### WHAT YOU ARE ASKED TO DO:
Transcribe the listing from its top line through the line with "have mdiff : measurable_fun setT". Keep it exact, both ends included, and add nothing.

### AVAILABLE DATA:
Lemma measurable_Fint_diff chi (x : R * R) :
  measurable_fun setT (fun y : R * R => Fint fA fR chi (x.1 - y.1, x.2 - y.2)).
Proof.
apply: measurableT_comp (measurable_Fint chi) _.
by apply: measurable_fun_pair; apply: measurable_funB;
  by [exact: measurable_cst | exact: measurable_fst | exact: measurable_snd].
Qed.

Lemma continuous_Fint_diff chi (x : R * R) {q : R -> R * R} : continuous q ->
  continuous (fun s => Fint fA fR chi (x.1 - (q s).1, x.2 - (q s).2)).
Proof.
move=> cq s; apply: continuous_comp; last exact: continuous_Fint.
have c1 : (fun s => x.1 - (q s).1) @ s --> x.1 - (q s).1.
  by apply: cvgB; [exact: cvg_cst | apply: continuous_comp; [exact: cq | exact: cvg_fst]].
have c2 : (fun s => x.2 - (q s).2) @ s --> x.2 - (q s).2.
  by apply: cvgB; [exact: cvg_cst | apply: continuous_comp; [exact: cq | exact: cvg_snd]].
exact: cvg_pair c1 c2.
Qed.

Lemma measurable_Kfield chi (P : probability (R * R)%type R) :
  measurable_fun setT (Kfield fA fR chi P).
Proof.
have mdiff : measurable_fun setT
    (fun z : (R * R) * (R * R) => (z.1.1 - z.2.1, z.1.2 - z.2.2)).
  by apply: measurable_fun_pair; apply: measurable_funB;
    apply: measurableT_comp; by [exact: measurable_fst | exact: measurable_snd].
have mF := measurableT_comp (measurable_Fint chi) mdiff.
rewrite /Kfield; apply: measurable_fun_pair.
- exact: (measurable_fun_Rintegral_section P
    (fun z : (R * R) * (R * R) => (Fint fA fR chi (z.1.1 - z.2.1, z.1.2 - z.2.2)).1)
    (measurableT_comp measurable_fst mF)).
- exact: (measurable_fun_Rintegral_section P
    (fun z : (R * R) * (R * R) => (Fint fA fR chi (z.1.1 - z.2.1, z.1.2 - z.2.2)).2)
    (measurableT_comp measurable_snd mF)).
Qed.

End interaction_force.

Section uniform_probability.
Context {R : realType} {a b : R} (ab : a < b).
Local Notation U := (uniform_prob ab).
Local Notation mu := (@lebesgue_measure R).

Lemma integral_uniform_continuous (f : R -> R) :
  continuous f ->
  (\int[U]_x (f x)%:E =
   (b - a)^-1%:E * \int[mu]_(x in `[a, b]) (f x)%:E)%E.
Proof.
move=> cf; have mf : measurable_fun setT (EFin \o f).
  by apply/measurable_EFinP; exact: continuous_measurable_fun.
have fab := continuous_integrable_itv _ a b cf.
rewrite integralE [in RHS]integralE.
rewrite integral_uniform //; last exact: measurable_funepos.
rewrite integral_uniform //; last exact: measurable_funeneg.
rewrite -(fineK (integrable_pos_fin_num _ fab)) //.
rewrite -(fineK (integrable_neg_fin_num _ fab)) //.
by rewrite -!EFinM -!EFinB mulrBr.
Qed.

Lemma uniform_prob_itv_gt0 {c d : R} : a <= c -> c < d -> d <= b ->
  (0 < U `]c, d[)%E.
Proof.
move=> ac cd db; rewrite /uniform_prob.
rewrite (eq_integral (fun=> (b - a)^-1%:E)); last first.
  move=> x; rewrite inE /= in_itv /= => /andP[cx xd].
  by rewrite /uniform_pdf ifT //; apply/andP; split; lra.
rewrite integral_cst //= lebesgue_measure_itv /= lte_fin cd -EFinD -EFinM lte_fin.
by rewrite mulr_gt0 // ?invr_gt0 subr_gt0.
Qed.

Lemma uniform_prob_open_gt0 (V : set R) (t : R) : open V -> V t -> a <= t <= b ->
  (0 < U V)%E.
Proof.
move=> oV Vt /andP[a_le_t t_le_b].
have /nbhs_ballP[e /= e0 teV] : nbhs t V by move: oV; rewrite openE => /(_ t Vt).
pose delta := Num.min e ((b - a) / 2).
have delta0 : 0 < delta by rewrite lt_min e0 divr_gt0 // subr_gt0.
have delta_e : delta <= e by rewrite ge_min lexx.
have delta_ab : delta <= (b - a) / 2 by rewrite ge_min lexx orbT.
have [c [ac cb ct]] : exists c, [/\ a <= c, c + delta <= b &
    forall x, c < x < c + delta -> `|t - x| < e].
  have [tm|tm] := lerP t ((a + b) / 2).
  - exists t; split; [lra | lra | move=> x /andP[tx xt]].
    by rewrite ltr_norml; apply/andP; split; lra.
  - exists (t - delta); split; [lra | lra | move=> x /andP[tx xt]].
    by rewrite ltr_norml; apply/andP; split; lra.
apply: (lt_le_trans (uniform_prob_itv_gt0 ac _ cb)); first by rewrite ltrDl.
apply: le_measure; rewrite ?inE; [exact: measurable_itv | exact: open_measurable |].
move=> x /=; rewrite in_itv /= => cx; apply: teV.
by rewrite -ball_normE /= ct.
Qed.

Lemma uniform_prob_null_itv (A : set R) : measurable A -> U A = 0%E ->
  exists t, a <= t <= b /\ ~ A t.
Proof.
move=> mA UA0; apply: contrapT => noA.
have itvA : `[a, b] `<=` A.
  move=> t /=; rewrite in_itv /= => t_in.
  by apply: contrapT => nAt; apply: noA; exists t.
have : (U `[a, b] <= U A)%E by apply: le_measure; rewrite ?inE.
by rewrite UA0 /uniform_prob integral_uniform_pdf1 // lee_fin ler10.
Qed.

Lemma uniform_prob_eq0 (A : set R) : (forall t, a <= t <= b -> ~ A t) -> U A = 0%E.
Proof.
move=> noA; rewrite /uniform_prob integral_uniform_pdf.
rewrite (_ : _ `&` _ = set0) ?integral_set0 //.
by apply/seteqP; split => // t [At]; rewrite /= in_itv /= => /noA.
Qed.

End uniform_probability.

Section ellipse_state_integral.
Context {R : realType}.
Local Notation mu := (@lebesgue_measure R).

Lemma continuous_ellipse_param (a r : R) : continuous (ellipse_param a r).
Proof.
move=> t.
have cx : (fun s => a * cos s) @ t --> a * cos t.
  by apply: cvgM; [exact: cvg_cst | exact: continuous_cos].
have cy : (fun s => (a + r) * sin s) @ t --> (a + r) * sin t.
  by apply: cvgM; [exact: cvg_cst | exact: continuous_sin].
exact: cvg_pair cx cy.
Qed.

Lemma Rintegral_ellipse_state (a r : R) (h : R * R -> R) :
  measurable_fun setT h -> continuous (h \o ellipse_param a r) ->
  Rintegral (ellipse_state a r) setT h =
  (pi *+ 2)^-1 * Rintegral mu `[0, pi *+ 2] (h \o ellipse_param a r).
Proof.
move=> mh ch; have mhE : measurable_fun setT (EFin \o h) by apply/measurable_EFinP.
have mp := measurable_ellipse_param a r.
have hp_int := continuous_integrable_itv _ 0 (pi *+ 2) ch.
have int_hp : (uniform_prob two_pi_gt0).-integrable (ellipse_param a r @^-1` setT)
    ((EFin \o h) \o ellipse_param a r).
  apply/integrableP; split; first exact: measurableT_comp mhE mp.
  rewrite (integral_uniform_continuous two_pi_gt0 (fun x => `|h (ellipse_param a r x)|)).
    apply: lte_mul_pinfty => //; last by case/integrableP: hp_int.
    by rewrite lee_fin invr_ge0 subr0 ltW // two_pi_gt0.
  by move=> x; apply: continuous_comp; [exact: ch | exact: norm_continuous].
rewrite /Rintegral /ellipse_state /distribution /=.
rewrite integral_pushforward // preimage_setT integral_uniform_continuous // subr0.
by rewrite fineM //; exact: integrable_fin_num hp_int.
Qed.

End ellipse_state_integral.

Section ellipse_state_support.
Context {R : realType} {a r : R}.
Local Notation p := (ellipse_param a r).

Lemma msupp_ellipse_state (t : R) : 0 <= t <= pi *+ 2 ->
  msupp (ellipse_state a r) (p t).
Proof.
move=> t_in O oO Ot.
change (0 < uniform_prob two_pi_gt0 (p @^-1` O))%E.
apply: (uniform_prob_open_gt0 _ _ t) => //.
by apply: open_comp => // x _; exact: continuous_ellipse_param.
Qed.

Lemma ellipse_state_null_param {N : set (R * R)} : measurable N ->
  ellipse_state a r N = 0%E -> exists t, 0 <= t <= pi *+ 2 /\ ~ N (p t).
Proof.
move=> mN; apply: uniform_prob_null_itv.
by rewrite -[X in measurable X]setTI; exact: measurable_ellipse_param.
Qed.

Lemma ellipse_state_eq0 (N : set (R * R)) :
  (forall t, 0 <= t <= pi *+ 2 -> ~ N (p t)) -> ellipse_state a r N = 0%E.
Proof. exact: uniform_prob_eq0. Qed.

Lemma integral_ellipse_state_eq0 (f : R * R -> \bar R) :
  measurable_fun setT f -> (forall x, 0 <= f x)%E ->
  (forall t, 0 <= t <= pi *+ 2 -> f (p t) = 0%E) ->
  (\int[ellipse_state a r]_x f x = 0)%E.
Proof.
move=> mf f0 fp0; have mp := measurable_ellipse_param a r.
rewrite ge0_integral_pushforward // preimage_setT integral_uniform //.
- by rewrite integral0_eq ?mule0 // => t; rewrite /= in_itv /= => /fp0.
- exact: measurableT_comp mf mp.
- by move=> t; exact: f0.
Qed.

End ellipse_state_support.

Definition ring_chord {R : realType} (a x : R) : R := a * enorm (1 - cos x, sin x).

Lemma continuous_ring_chord {R : realType} (a : R) : continuous (ring_chord a).
Proof.
move=> x; apply: cvgM; first exact: cvg_cst.
apply: (continuous_comp (f := fun s => (1 - cos s, sin s))); last exact: continuous_enorm.
have c1 : (fun s => 1 - cos s) @ x --> 1 - cos x.
  by apply: cvgB; [exact: cvg_cst | exact: continuous_cos].
have c2 : (fun s => sin s) @ x --> sin x by exact: continuous_sin.
exact: cvg_pair c1 c2.
Qed.

Section ring_state_field.
Context {R : realType} {fA fR : R -> R} {a : R}.
Hypotheses (cA : continuous fA) (cR : continuous fR) (a_ge0 : 0 <= a).
Local Notation mu := (@lebesgue_measure R).
Local Notation p := (ellipse_param a 0).

Let radial x := (fA + fR) (ring_chord a x) * (1 - cos x).
Let tangential x := (fA + fR) (ring_chord a x) * sin x.

Lemma ellipse_param_ring_diff (t x : R) :
  ((p t).1 - (p (x + t)).1, (p t).2 - (p (x + t)).2) =
  (a * (cos t * (1 - cos x) + sin t * sin x),
   a * (sin t * (1 - cos x) - cos t * sin x)).
Proof. by rewrite /ellipse_param /= addr0 cosD sinD; congr pair; ring. Qed.

Lemma enorm_ellipse_param_ring_diff (t x : R) :
  enorm ((p t).1 - (p (x + t)).1, (p t).2 - (p (x + t)).2) = ring_chord a x.
Proof.
rewrite ellipse_param_ring_diff /ring_chord /enorm /=.
have -> : (a * (cos t * (1 - cos x) + sin t * sin x)) ^+ 2 +
          (a * (sin t * (1 - cos x) - cos t * sin x)) ^+ 2 =
          a ^+ 2 * (((1 - cos x) ^+ 2 + sin x ^+ 2) * (cos t ^+ 2 + sin t ^+ 2)).
  by ring.
by rewrite cos2Dsin2 mulr1 sqrtrM ?sqr_ge0 // sqrtr_sqr ger0_norm.
Qed.

Let Fint_ring_diff (t x : R) :
  Fint fA fR 1 ((p t).1 - (p (x + t)).1, (p t).2 - (p (x + t)).2) =
  (a * (cos t * radial x + sin t * tangential x),
   a * (sin t * radial x + - cos t * tangential x)).
Proof.
rewrite Fint1E enorm_ellipse_param_ring_diff ellipse_param_ring_diff /=.
by rewrite /radial /tangential; congr pair; ring.
Qed.

Let continuous_radial : continuous radial.
Proof.
move=> x; apply: cvgM; last by apply: cvgB; [exact: cvg_cst | exact: continuous_cos].
apply: continuous_comp; first exact: continuous_ring_chord.
by apply: continuousD; [exact: cA | exact: cR].
Qed.

Let continuous_tangential : continuous tangential.
Proof.
move=> x; apply: cvgM; last exact: continuous_sin.
apply: continuous_comp; first exact: continuous_ring_chord.
by apply: continuousD; [exact: cA | exact: cR].
Qed.

Let Rintegral_profile (alpha beta : R) :
  Rintegral mu `[0, pi *+ 2] (fun x => a * (alpha * radial x + beta * tangential x)) =
  a * (alpha * (2 * Rintegral mu `[0, pi] radial)).
Proof.
have radial_even : Rintegral mu `[0, pi *+ 2] radial = 2 * Rintegral mu `[0, pi] radial.
  apply: Rintegral_even_periodic => //; first exact: pi_ge0.
    by move=> x; rewrite /radial /ring_chord cosD2pi sinD2pi.
  by move=> x; rewrite /radial /ring_chord cosN sinN /enorm /= sqrrN.
have tangential_odd : Rintegral mu `[0, pi *+ 2] tangential = 0.
  apply: Rintegral_odd_periodic => //; first exact: ltW two_pi_gt0.
    by move=> x; rewrite /tangential /ring_chord cosD2pi sinD2pi.
  by move=> x; rewrite /tangential /ring_chord cosN sinN /enorm /= sqrrN mulrN.
have cZ (f : R -> R) (c : R) : continuous f -> continuous (fun x => c * f x).
  by move=> cf x; apply: cvgM; [exact: cvg_cst | exact: cf].
have cZradial := cZ _ alpha continuous_radial.
have cZtangential := cZ _ beta continuous_tangential.
rewrite RintegralZl //; last first.
  apply: continuous_integrable_itv => x.
  by apply: cvgD; [exact: cZradial | exact: cZtangential].
rewrite RintegralD //; try exact: continuous_integrable_itv.
rewrite !RintegralZl //; try exact: continuous_integrable_itv.
by rewrite radial_even tangential_odd mulr0 addr0.
Qed.

Let Rintegral_ring_state (h : R * R -> R) (t : R) : 0 <= t <= pi *+ 2 ->
  measurable_fun setT h -> continuous (h \o p) ->
  Rintegral (ring_state a) setT h =
  (pi *+ 2)^-1 * Rintegral mu `[0, pi *+ 2] (fun x => h (p (x + t))).
Proof.
move=> t_in mh ch; rewrite Rintegral_ellipse_state //.
rewrite (Rintegral_periodic_shift _ _ ch _ _ _ t_in) //; first exact: ltW two_pi_gt0.
by move=> x; rewrite /comp /ellipse_param cosD2pi sinD2pi.
Qed.

Lemma Kfield_ring_state (t : R) : 0 <= t <= pi *+ 2 ->
  Kfield fA fR 1 (ring_state a) (p t) =
  (a / pi * Rintegral mu `[0, pi] radial * cos t,
   a / pi * Rintegral mu `[0, pi] radial * sin t).
Proof.
move=> t_in.
(* [pi] is generalised so that [field] does not unfold it. *)
have scale (x y : R) : (pi *+ 2)^-1 * (a * (y * (2 * x))) = a / pi * x * y.
  by move: (pi : R) (pi_gt0 R) => q /lt0r_neq0 q_neq0; field.
have mF := measurable_Fint_diff cA cR 1 (p t).
have cF := continuous_Fint_diff cA cR 1 (p t) (continuous_ellipse_param a 0).
rewrite /Kfield; congr pair; rewrite (Rintegral_ring_state _ _ t_in).
- under eq_Rintegral do rewrite Fint_ring_diff /=.
  by rewrite Rintegral_profile scale.
- exact: measurableT_comp measurable_fst mF.
- by move=> s; exact: continuous_comp (cF s) cvg_fst.
- under eq_Rintegral do rewrite Fint_ring_diff /=.
  by rewrite Rintegral_profile scale.
- exact: measurableT_comp measurable_snd mF.
- by move=> s; exact: continuous_comp (cF s) cvg_snd.
Qed.

End ring_state_field.

Section ring_equilibrium.
Context {R : realType} {fA fR : R -> R} {a : R}.
Hypotheses (cA : continuous fA) (cR : continuous fR) (a_gt0 : 0 < a).
Local Notation p := (ellipse_param a 0).
Local Notation K := (Kfield fA fR 1 (ring_state a)).
Local Notation I := (Rintegral lebesgue_measure `[0, pi]
  (fun x => (fA + fR) (ring_chord a x) * (1 - cos x))).

Lemma Kfield_ring_state_eq0 (t : R) : 0 <= t <= pi *+ 2 ->
  K (p t) = (0, 0) <-> I = 0.
Proof.
move=> t_in; rewrite (Kfield_ring_state cA cR (ltW a_gt0) _ t_in); split; last first.
  by move=> ->; rewrite mulr0 !mul0r.
case; set c := a / pi * I => Kx Ky.
have : c = 0.
  by rewrite -[LHS]mulr1 -(cos2Dsin2 t) mulrDr !expr2 !mulrA Kx Ky !mul0r addr0.
move/eqP; rewrite mulf_eq0 => /orP[|/eqP //].
by rewrite mulf_eq0 invr_eq0 (gt_eqF a_gt0) (gt_eqF (pi_gt0 R)).
Qed.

### SOLUTION:
Lemma measurable_Fint_diff chi (x : R * R) :
  measurable_fun setT (fun y : R * R => Fint fA fR chi (x.1 - y.1, x.2 - y.2)).
Proof.
apply: measurableT_comp (measurable_Fint chi) _.
by apply: measurable_fun_pair; apply: measurable_funB;
  by [exact: measurable_cst | exact: measurable_fst | exact: measurable_snd].
Qed.

Lemma continuous_Fint_diff chi (x : R * R) {q : R -> R * R} : continuous q ->
  continuous (fun s => Fint fA fR chi (x.1 - (q s).1, x.2 - (q s).2)).
Proof.
move=> cq s; apply: continuous_comp; last exact: continuous_Fint.
have c1 : (fun s => x.1 - (q s).1) @ s --> x.1 - (q s).1.
  by apply: cvgB; [exact: cvg_cst | apply: continuous_comp; [exact: cq | exact: cvg_fst]].
have c2 : (fun s => x.2 - (q s).2) @ s --> x.2 - (q s).2.
  by apply: cvgB; [exact: cvg_cst | apply: continuous_comp; [exact: cq | exact: cvg_snd]].
exact: cvg_pair c1 c2.
Qed.

Lemma measurable_Kfield chi (P : probability (R * R)%type R) :
  measurable_fun setT (Kfield fA fR chi P).
Proof.
have mdiff : measurable_fun setT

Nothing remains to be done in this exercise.